Fleas are small, dark, wingless insects that are agile and have piercing sucking mouth-parts perfect for feeding on the blood of their hosts which include dogs, cats, and other mammals, including you. Their hind legs are long and made for jumping. This tiny insect can jump vertically up to 7” and horizontally up to 13.” It would be like a human jumping over a 30 story building or broad jumping the length of two football fields!
The body is tough and able to withstand great pressure. It’s quite difficult to kill a flea by squeezing it between your fingers.
Fleas are insects that go through four life cycle stages–egg, larva, pupa, and adult. It all begins when the female has a blood meal and lays eggs afterward. She lays the eggs in batches of up to 20 (5000 in her life), usually right where she just had her meal, and the eggs often roll right off of that host to the ground. Because of this, areas where the host rests and sleeps become one of the primary habitats of eggs and developing fleas—yards, carpets, beds, bedding, etc. The eggs take two days to two weeks to hatch.

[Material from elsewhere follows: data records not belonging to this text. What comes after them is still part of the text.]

(* Let $X$ be a locally compact separable metrizable space, let $Z\subseteq X$ be compact, and let $\mathcal U=(\mathfrak P,\{\mathcal U_{\mathfrak p}\},\{\Phi_{\mathfrak p\mathfrak q}\})$ be an abstract good coordinate system of $Z$ in the weak sense. Then there exists a shrinking $\mathcal U^0$ of $\mathcal U$ which is an abstract good coordinate system of $Z$ in the strong sense.
   Context: An abstract K-chart of $X$ is a triple $(U,S,\psi)$ where $U$ is a locally compact separable metrizable space, $S\subseteq U$ is closed, and $\psi:S\to X$ is a homeomorphism onto an open subset of $X$. Given abstract K-charts $\mathcal U_i=(U_i,S_i,\psi_i)$ ($i=1,2$), a coordinate change from $\mathcal U_1$ to $\mathcal U_2$ is a pair $(U_{21},\varphi_{21})$ with: (1) $U_{21}\subseteq U_1$ open; (2) $\varphi_{21}:U_{21}\to U_2$ a topological embedding; (3) $S_1\cap U_{21}=\varphi_{21}^{-1}(S_2)$ and $\psi_2\circ\varphi_{21}=\psi_1$ on $S_1\cap U_{21}$; (4) $\psi_1(S_1\cap U_{21})=\psi_1(S_1)\cap\psi_2(S_2)$. An abstract good coordinate system of $Z$ in the weak sense is $(\mathfrak P,\{\mathcal U_{\mathfrak p}\},\{\Phi_{\mathfrak p\mathfrak q}\})$ where: (1) $\mathfrak P$ is a finite partially ordered set; (2) each $\mathcal U_{\mathfrak p}=(U_{\mathfrak p},S_{\mathfrak p},\psi_{\mathfrak p})$ is an abstract K-chart; (3) for $\mathfrak q\le\mathfrak p$, $\Phi_{\mathfrak p\mathfrak q}=(U_{\mathfrak p\mathfrak q},\varphi_{\mathfrak p\mathfrak q})$ is a coordinate change from $\mathcal U_{\mathfrak q}$ to $\mathcal U_{\mathfrak p}$, with $U_{\mathfrak p\mathfrak p}=U_{\mathfrak p}$ and $\varphi_{\mathfrak p\mathfrak p}=\mathrm{id}$; (4) if $\mathfrak r\le\mathfrak q\le\mathfrak p$ then $\varphi_{\mathfrak p\mathfrak r}=\varphi_{\mathfrak p\mathfrak q}\circ\varphi_{\mathfrak q\mathfrak r}$ on $\varphi_{\mathfrak q\mathfrak r}^{-1}(U_{\mathfrak p\mathfrak q})\cap U_{\mathfrak p\mathfrak r}$; (5) if $\psi_{\mathfrak p}(S_{\mathfrak p})\cap\psi_{\mathfrak q}(S_{\mathfrak q})\neq\emptyset$ then $\mathfrak p\le\mathfrak q$ or $\mathfrak q\le\mathfrak p$; (6) $\bigcup_{\mathfrak p}\psi_{\mathfrak p}(S_{\mathfrak p})\supseteq Z$. On $\coprod_{\mathfrak p}U_{\mathfrak p}$ define a relation $\sim$: for $x\in U_{\mathfrak p}$, $y\in U_{\mathfrak q}$, $x\sim y$ iff (a) $\mathfrak p=\mathfrak q$ and $x=y$, or (b) $\mathfrak p\le\mathfrak q$, $x\in U_{\mathfrak q\mathfrak p}$ and $y=\varphi_{\mathfrak q\mathfrak p}(x)$, or (c) $\mathfrak q\le\mathfrak p$, $y\in U_{\mathfrak p\mathfrak q}$ and $x=\varphi_{\mathfrak p\mathfrak q}(y)$. The system is an abstract good coordinate system of $Z$ in the strong sense if it is one in the weak sense and moreover (7) $\sim$ is an equivalence relation and (8) the quotient $(\coprod_{\mathfrak p}U_{\mathfrak p})/\sim$ with the quotient topology is Hausdorff. For an open subset $V$ of a separable metrizable space $U$, write $V\Subset U$ ($V$ is a shrinking of $U$) if the closure of $V$ in $U$ is compact. For an abstract K-chart $\mathcal U=(U,S,\psi)$ and open $U_0\subseteq U$, $\mathcal U|_{U_0}=(U_0,S\cap U_0,\psi|_{S\cap U_0})$; it is a shrinking of $\mathcal U$ if $U_0\Subset U$. An abstract good coordinate system $\mathcal U^0=(\mathfrak P,\{\mathcal U^0_{\mathfrak p}\},\{\Phi^0_{\mathfrak p\mathfrak q}\})$ of $Z$ in the weak sense (same $\mathfrak P$) is a shrinking of $\mathcal U$ if each $\mathcal U^0_{\mathfrak p}$ is a shrinking of $\mathcal U_{\mathfrak p}$, and for $\mathfrak q\le\mathfrak p$ the domain of $\Phi^0_{\mathfrak p\mathfrak q}$ is a shrinking ($\Subset$) of the domain $U_{\mathfrak p\mathfrak q}$ of $\Phi_{\mathfrak p\mathfrak q}$ and $\varphi^0_{\mathfrak p\mathfrak q}$ is the restriction of $\varphi_{\mathfrak p\mathfrak q}$. *)

From mathcomp Require Import all_boot all_order all_algebra.
From mathcomp Require Import all_classical all_reals all_analysis.
Set Implicit Arguments. Unset Strict Implicit. Unset Printing Implicit Defensive.
Import Order.TTheory GRing.Theory Num.Theory.
Local Open Scope classical_set_scope.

Flea larvae emerge from the eggs and gobble up any available organic material they can find: dead insects, feces of adult fleas, pet dander and vegetable matter. Shortly after they weave a silken cocoon and adults are ready to emerge in just a couple of weeks. They stay resting in their little silky cocoon until they get a signal that an appropriate host is near—vibrations, heat or carbon dioxide can all be signals. They can stay in this state for several months, long after pets are gone, waiting for that signal. This is the reason it is not unusual to walk into a seemingly clean, vacant home only to be immediately attacked by fleas, excited to find a new host. This is also why vacuuming is key component in a flea treatment.
Fleas are a definite annoyance to their hosts. Their movement and feces can cause an itching sensation which in turn may result in the host biting, pecking, scratching, etc. in the vicinity of the parasite. The scratching can cause irritation and secondary infections. Flea bites themselves are also very itchy. They are red, and slightly raised with a single puncture point at the center (similar to a mosquito bite). The bites, which often appear in clusters, can stay bothersome for several weeks. Severe infestations have been known to cause anemia.